* ASSIGNMENT *
Of the lines listed below, return exactly those that run from the line containing "size (p + q) = maxn" through the line containing "have top_gt0 : 0", both included.

Excerpts from a dataset
(* The power series $\mathcal{E}_1(x)=\sum_{n=1}^{\infty}e(n)x^n$ is a $2$-regular power series, and it is transcendental over $\mathbb{Q}(x)$.
   Context: The Stern polynomials $B_n(t)\in\mathbb{Z}[t]$ are defined by $B_0(t)=0$, $B_1(t)=1$, and for $n\geq 1$: $B_{2n}(t)=tB_n(t)$, $B_{2n+1}(t)=B_n(t)+B_{n+1}(t)$. For $n\geq1$ let $e(n)=\deg B_n(t)$. A power series $\sum_n a_nx^n$ with coefficients in a field is $k$-regular (in the sense of Allouche–Shallit) if the $\mathbb{Q}$-vector space (over the relevant field) spanned by the subsequences $(a_{k^{j}n+r})_{n\ge0}$, $j\ge0$, $0\le r<k^j$, is finite-dimensional. *)

From HB Require Import structures.
From mathcomp Require Import all_boot all_order all_algebra.
Set Implicit Arguments. Unset Strict Implicit. Unset Printing Implicit Defensive.
Import Order.TTheory GRing.Theory Num.Theory.
Local Open Scope ring_scope.

Fixpoint stern_fuel (k n : nat) : {poly int} :=
  match k with
  | 0%N => 0
  | k'.+1 =>
      if n == 0%N then 0
      else if n == 1%N then 1
      else if odd n then stern_fuel k' n./2 + stern_fuel k' (n./2).+1
      else 'X * stern_fuel k' n./2
  end.

Definition stern (n : nat) : {poly int} := stern_fuel n.+1 n.

(* e(n) = deg B_n(t) for n >= 1 (size p = deg p + 1). *)
Definition stern_deg (n : nat) : nat := (size (stern n)).-1.

Definition E1 (n : nat) : rat := if n == 0%N then 0 else (stern_deg n)%:R.

(* k-regularity (Allouche–Shallit): the Q-span of the k-kernel
   { (a (k^j n + r))_n : j >= 0, 0 <= r < k^j } is finite-dimensional,
   i.e. contained in the span of finitely many sequences g_0..g_{m-1}. *)
Definition k_regular (k : nat) (a : nat -> rat) : Prop :=
  exists (m : nat) (g : 'I_m -> nat -> rat),
    forall j r : nat, (r < k ^ j)%N ->
      exists c : 'I_m -> rat,
        forall n : nat, a (k ^ j * n + r)%N = \sum_(i < m) c i * g i n.

(* Formal power series over Q, as coefficient sequences. *)
Definition fps_mul (f g : nat -> rat) : nat -> rat :=
  fun n => \sum_(i < n.+1) f i * g (n - i)%N.
Definition fps_one : nat -> rat := fun n => (n == 0%N)%:R.
Definition fps_pow (f : nat -> rat) (i : nat) : nat -> rat :=
  iter i (fps_mul f) fps_one.
Definition fps_of_poly (p : {poly rat}) : nat -> rat := fun n => p`_n.

(* f is algebraic over Q(x): some nonzero P(x,y) in Q[x][y] (denominators
   cleared) with P(x, f(x)) = 0. *)
Definition fps_algebraic (f : nat -> rat) : Prop :=
  exists P : {poly {poly rat}}, P != 0 /\
    forall n : nat,
      \sum_(i < size P) fps_mul (fps_of_poly P`_i) (fps_pow f i) n = 0.

Definition fps_transcendental (f : nat -> rat) : Prop := ~ fps_algebraic f.

From mathcomp Require Import all_boot all_order all_algebra.
From mathcomp Require Import zify ring lra.
Set Implicit Arguments. Unset Strict Implicit. Unset Printing Implicit Defensive.
Import Order.TTheory GRing.Theory Num.Theory.
Local Open Scope ring_scope.

(* All leading coefficients of Stern polynomials are positive, so
   the recursion has no cancellation at the top: e(1) = 0, e(2n) = e(n) + 1,
   e(2n+1) = max(e(n), e(n+1)).  Consecutive values differ by at most one,
   which gives e(4n+1) = e(n) + 1, e(4n+3) = e(n+1) + 1, and the logarithmic
   growth log_4 n - 1 < e(n) <= log_2 n.

   If the span of a finite family is stable under the operators
   n |-> k n + b, it contains the k-kernel of each of its members
   ([k_regular_of_span]); for E1 the family E1(n), E1(n+1), E1(2n+1), 1,
   [n = 0] works, by the recurrences above.

   Suppose P(x, E1) = 0, P = sum_i P_i(x) y^i nonzero.  Take
   M = 4^K, x = 1 - 1/M, N = M^2 and A = sum_(n<N) E1(n) x^n; the growth of e
   gives A = M z with (K-1)/8 <= z <= 4K.  The truncation still satisfies
   P = 0 modulo x^N, so M^(D-1) |P(x, A)| <= M^(D-1) 2^-M poly(K, M), using an
   l1-norm on polynomials.  But M^(D-1) P(1 - 1/M, M z) = sum_i g_i(M) z^i for
   nonzero reversed polynomials g_i, and a dominance lemma keeps this above a
   constant c > 0 once z is large and M >= Z z^d.  Choosing K = 2^m with m
   large satisfies every condition at once: contradiction. *)

Lemma stern_fuelS k n : stern_fuel k.+1 n =
  if n == 0%N then 0 else if n == 1%N then 1
  else if odd n then stern_fuel k n./2 + stern_fuel k n./2.+1
  else 'X * stern_fuel k n./2.
Proof. by []. Qed.

Lemma stern_fuel_succ k n : (n < k)%N -> stern_fuel k.+1 n = stern_fuel k n.
Proof.
elim: k n => [|k IH] n // lt_nk; rewrite stern_fuelS [RHS]stern_fuelS.
have [//|n_neq0] := eqVneq n 0%N; have [//|n_neq1] := eqVneq n 1%N.
have := odd_double_half n; case: (odd n) => n_eq; rewrite /= in n_eq; rewrite !IH //; lia.
Qed.

Lemma stern_fuelE k n : (n < k)%N -> stern_fuel k n = stern n.
Proof.
elim: k => // k IH; rewrite ltnS leq_eqVlt => /predU1P[-> // | lt_nk].
by rewrite stern_fuel_succ // IH.
Qed.

Lemma stern1 : stern 1 = 1. Proof. by []. Qed.

Lemma stern_double n : (0 < n)%N -> stern n.*2 = 'X * stern n.
Proof.
move=> n_gt0; have n2_gt1 : (1 < n.*2)%N by rewrite -addnn; lia.
rewrite /stern stern_fuelS odd_double doubleK (gtn_eqF n2_gt1) (gtn_eqF (ltnW n2_gt1)).
by rewrite stern_fuelE //; lia.
Qed.

Lemma stern_double_add1 n : (0 < n)%N -> stern n.*2.+1 = stern n + stern n.+1.
Proof.
move=> n_gt0; have n2_gt0 : (0 < n.*2)%N by rewrite -addnn; lia.
have half_n : (n.*2.+1)./2 = n by rewrite /= uphalf_double.
rewrite /stern stern_fuelS eqSS (gtn_eqF n2_gt0) oddS odd_double half_n.
by rewrite !stern_fuelE // -addnn; lia.
Qed.

Lemma dyadic_ind (P : nat -> Prop) : P 1%N ->
  (forall m, (0 < m)%N -> P m -> P m.*2) ->
  (forall m, (0 < m)%N -> P m -> P m.+1 -> P m.*2.+1) ->
  forall n, (0 < n)%N -> P n.
Proof.
move=> P1 Pdouble Podd n; elim/ltn_ind: n => n IH n_gt0.
have [-> //|n_neq1] := eqVneq n 1%N.
have := odd_double_half n; rewrite -addnn; case: (odd n) => /= n_eq.
- by rewrite -n_eq addnn; apply: Podd; [lia | apply: IH; lia | apply: IH; lia].
- by rewrite -n_eq addnn; apply: Pdouble; [lia | apply: IH; lia].
Qed.

Lemma lead_coefD_gt0 (R : numDomainType) (p q : {poly R}) :
  0 < lead_coef p -> 0 < lead_coef q ->
  size (p + q) = maxn (size p) (size q) /\ 0 < lead_coef (p + q).
Proof.
move=> p_gt0 q_gt0.
have [lt_pq|lt_qp|eq_pq] := ltngtP (size p) (size q).
- by rewrite addrC size_polyDl ?lead_coefDl // (maxn_idPr (ltnW lt_pq)).
- by rewrite size_polyDl ?lead_coefDl // (maxn_idPl (ltnW lt_qp)).
have top : (p + q)`_(size p).-1 = lead_coef p + lead_coef q.
  by rewrite coefD !lead_coefE eq_pq.
have top_gt0 : 0 < (p + q)`_(size p).-1 by rewrite top addr_gt0.
have size_pq : size (p + q) = size p.
  apply/eqP; rewrite eqn_leq (leq_trans (size_polyD _ _)) -?eq_pq ?maxnn //=.
  rewrite leqNgt; apply/negP => lt_pq; move: top_gt0.
  by rewrite nth_default ?ltxx // -ltnS (ltn_predK lt_pq).
by rewrite lead_coefE size_pq.
Qed.

Lemma stern_lead_gt0 n : (0 < n)%N -> 0 < lead_coef (stern n).
Proof.
move: n; apply: dyadic_ind => [|m m_gt0 IH|m m_gt0 IHm IHm1].
- by rewrite stern1 lead_coef1.
- by rewrite stern_double // mulrC lead_coefMX.
- by rewrite stern_double_add1 //; case: (lead_coefD_gt0 IHm IHm1).
Qed.

Lemma stern_neq0 n : (0 < n)%N -> stern n != 0.
Proof. by move=> n_gt0; rewrite -lead_coef_eq0 lt0r_neq0 ?stern_lead_gt0. Qed.

Lemma stern_deg1 : stern_deg 1 = 0%N.
Proof. by rewrite /stern_deg stern1 size_poly1. Qed.

Lemma stern_deg_double n : (0 < n)%N -> stern_deg n.*2 = (stern_deg n).+1.
Proof.
move=> n_gt0; rewrite /stern_deg stern_double // mulrC size_mulX ?stern_neq0 //=.
by rewrite prednK // size_poly_gt0 stern_neq0.
Qed.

* EXERCISE RESPONSE *
  size (p + q) = maxn (size p) (size q) /\ 0 < lead_coef (p + q).
Proof.
move=> p_gt0 q_gt0.
have [lt_pq|lt_qp|eq_pq] := ltngtP (size p) (size q).
- by rewrite addrC size_polyDl ?lead_coefDl // (maxn_idPr (ltnW lt_pq)).
- by rewrite size_polyDl ?lead_coefDl // (maxn_idPl (ltnW lt_qp)).
have top : (p + q)`_(size p).-1 = lead_coef p + lead_coef q.
  by rewrite coefD !lead_coefE eq_pq.
have top_gt0 : 0 < (p + q)`_(size p).-1 by rewrite top addr_gt0.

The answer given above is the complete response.